▶ Stored data:

(* Let $\kappa<\Gamma$ be infinite cardinals. Then the Banach space $X^{\kappa,\Gamma}$ fails the ball fixed point property.
   Context: Cardinals are identified with initial ordinals, and an ordinal is the set of smaller ordinals. $\ell_\infty(\Gamma)$ is the Banach space of bounded functions $f\colon\Gamma\to\mathbb{R}$ with $\|f\|_\infty=\sup_{\gamma\in\Gamma}|f(\gamma)|$. $[\Gamma]^\kappa$ is the family of subsets of $\Gamma$ of cardinality $\kappa$. Define $X^{\kappa,\Gamma}=\{f\in\ell_\infty(\Gamma):\exists A\in[\Gamma]^\kappa \text{ such that } f|_{\Gamma\setminus A}\text{ is constant}\}$, a closed linear subspace of $\ell_\infty(\Gamma)$ with the sup norm. A real Banach space $X$ has the ball fixed point property (BFPP) if every nonexpansive map $T\colon B_X\to B_X$ (i.e. $\|Tx-Ty\|\le\|x-y\|$) has a fixed point, where $B_X$ is the closed unit ball. *)

From HB Require Import structures.
From mathcomp Require Import all_boot all_order all_algebra.
From mathcomp Require Import all_classical all_reals.

Import Order.TTheory GRing.Theory Num.Theory.
Local Open Scope classical_set_scope.
Local Open Scope ring_scope.
Local Open Scope card_scope.

(* Cardinals are modelled by types: Gamma is (a type of cardinality) Γ,
   kappa a type of cardinality κ.  Only cardinalities matter. *)

Definition bounded_fun (R : realType) (G : Type) (f : G -> R) : Prop :=
  exists M : R, forall g, `|f g| <= M.

Definition supnorm (R : realType) (G : Type) (f : G -> R) : R :=
  sup (range (fun g => `|f g|)).
Lemma curveE_mult_val a b k k' n : (0 < n)%N ->
  veq v (c4 (curveE a b)) (k * 4) -> veq v (disc (curveE a b)) (k * 12 + (2 * n)%N%:Z) ->
  veq v (c4 (curveE' a b)) (k' * 4) -> veq v (disc (curveE' a b)) (k' * 12 + n%:Z) ->
  veq v a (k * 2) /\ veq v b (k * 4 + n%:Z).
Proof.
move=> n_gt0 c4E discE c4E' /(curveE_disc_val discE) [b0 D0 discE_val discE'_val].
move: c4E c4E'; rewrite c4_curveE c4_curveE'.
move=> /(veq_cancel (veq_pow2 4)) c4E /(veq_cancel (veq_pow2 4)) c4E'.
set D := a ^+ 2 - 4 * b in D0 discE_val discE'_val *.
have [b_val D_val] := (veq_val b0, veq_val D0).
have [b_lt|b_gt|b_eq] := ltgtP (v b) (k * 4).
- have : veq v D (v b).
    rewrite (_ : D = - b + (a ^+ 2 - 3 * b)); last by rewrite /D; ring.
    by apply: veqD (veqN b_val) (vgeW (veq_vge c4E) _); lia.
  by move/veq_uniq/(_ D_val); lia.
- have a_val : veq v a (k * 2).
    apply: veq_sqr; rewrite -(subrK (3 * b) (a ^+ 2)).
    by apply: veq_eq (veqD c4E (vgeW (vgeM (integral_nat 3) (veq_vge b_val)) _)) _; lia.
  have b4_ge : vge v (4 * b) (k * 4 + 1).
    by apply: vgeW (vgeM (integral_nat 4) (veq_vge b_val)) _; lia.
  have D_val4 : veq v D (k * 4) by apply: veqD (veq_eq (veqX 2 a_val) _) (vgeN b4_ge); lia.
  split=> //; apply: veq_eq b_val _.
  by have := veq_uniq D_val D_val4; lia.
have : veq v (a ^+ 2 + 12 * b) (k * 4).
  rewrite (_ : _ + _ = 16 * b + D); last by rewrite /D; ring.
  by apply: veqD (veq_eq (veqM (veq_pow2 4) b_val) _) (vgeW (veq_vge D_val) _); lia.
by move/veq_uniq/(_ c4E'); lia.
Qed.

▶ Task objective: An exact transcription of all the material above is the expected answer.

▶ Your response:
(* Let $\kappa<\Gamma$ be infinite cardinals. Then the Banach space $X^{\kappa,\Gamma}$ fails the ball fixed point property.
   Context: Cardinals are identified with initial ordinals, and an ordinal is the set of smaller ordinals. $\ell_\infty(\Gamma)$ is the Banach space of bounded functions $f\colon\Gamma\to\mathbb{R}$ with $\|f\|_\infty=\sup_{\gamma\in\Gamma}|f(\gamma)|$. $[\Gamma]^\kappa$ is the family of subsets of $\Gamma$ of cardinality $\kappa$. Define $X^{\kappa,\Gamma}=\{f\in\ell_\infty(\Gamma):\exists A\in[\Gamma]^\kappa \text{ such that } f|_{\Gamma\setminus A}\text{ is constant}\}$, a closed linear subspace of $\ell_\infty(\Gamma)$ with the sup norm. A real Banach space $X$ has the ball fixed point property (BFPP) if every nonexpansive map $T\colon B_X\to B_X$ (i.e. $\|Tx-Ty\|\le\|x-y\|$) has a fixed point, where $B_X$ is the closed unit ball. *)

From HB Require Import structures.
From mathcomp Require Import all_boot all_order all_algebra.
From mathcomp Require Import all_classical all_reals.

Import Order.TTheory GRing.Theory Num.Theory.
Local Open Scope classical_set_scope.
Local Open Scope ring_scope.
Local Open Scope card_scope.

(* Cardinals are modelled by types: Gamma is (a type of cardinality) Γ,
   kappa a type of cardinality κ.  Only cardinalities matter. *)

Definition bounded_fun (R : realType) (G : Type) (f : G -> R) : Prop :=
  exists M : R, forall g, `|f g| <= M.

Definition supnorm (R : realType) (G : Type) (f : G -> R) : R :=
  sup (range (fun g => `|f g|)).
Lemma curveE_mult_val a b k k' n : (0 < n)%N ->
  veq v (c4 (curveE a b)) (k * 4) -> veq v (disc (curveE a b)) (k * 12 + (2 * n)%N%:Z) ->
  veq v (c4 (curveE' a b)) (k' * 4) -> veq v (disc (curveE' a b)) (k' * 12 + n%:Z) ->
  veq v a (k * 2) /\ veq v b (k * 4 + n%:Z).
Proof.
move=> n_gt0 c4E discE c4E' /(curveE_disc_val discE) [b0 D0 discE_val discE'_val].
move: c4E c4E'; rewrite c4_curveE c4_curveE'.
move=> /(veq_cancel (veq_pow2 4)) c4E /(veq_cancel (veq_pow2 4)) c4E'.
set D := a ^+ 2 - 4 * b in D0 discE_val discE'_val *.
have [b_val D_val] := (veq_val b0, veq_val D0).
have [b_lt|b_gt|b_eq] := ltgtP (v b) (k * 4).
- have : veq v D (v b).
    rewrite (_ : D = - b + (a ^+ 2 - 3 * b)); last by rewrite /D; ring.
    by apply: veqD (veqN b_val) (vgeW (veq_vge c4E) _); lia.
  by move/veq_uniq/(_ D_val); lia.
- have a_val : veq v a (k * 2).
    apply: veq_sqr; rewrite -(subrK (3 * b) (a ^+ 2)).
    by apply: veq_eq (veqD c4E (vgeW (vgeM (integral_nat 3) (veq_vge b_val)) _)) _; lia.
  have b4_ge : vge v (4 * b) (k * 4 + 1).
    by apply: vgeW (vgeM (integral_nat 4) (veq_vge b_val)) _; lia.
  have D_val4 : veq v D (k * 4) by apply: veqD (veq_eq (veqX 2 a_val) _) (vgeN b4_ge); lia.
  split=> //; apply: veq_eq b_val _.
  by have := veq_uniq D_val D_val4; lia.
have : veq v (a ^+ 2 + 12 * b) (k * 4).
  rewrite (_ : _ + _ = 16 * b + D); last by rewrite /D; ring.
  by apply: veqD (veq_eq (veqM (veq_pow2 4) b_val) _) (vgeW (veq_vge D_val) _); lia.
by move/veq_uniq/(_ c4E'); lia.
Qed.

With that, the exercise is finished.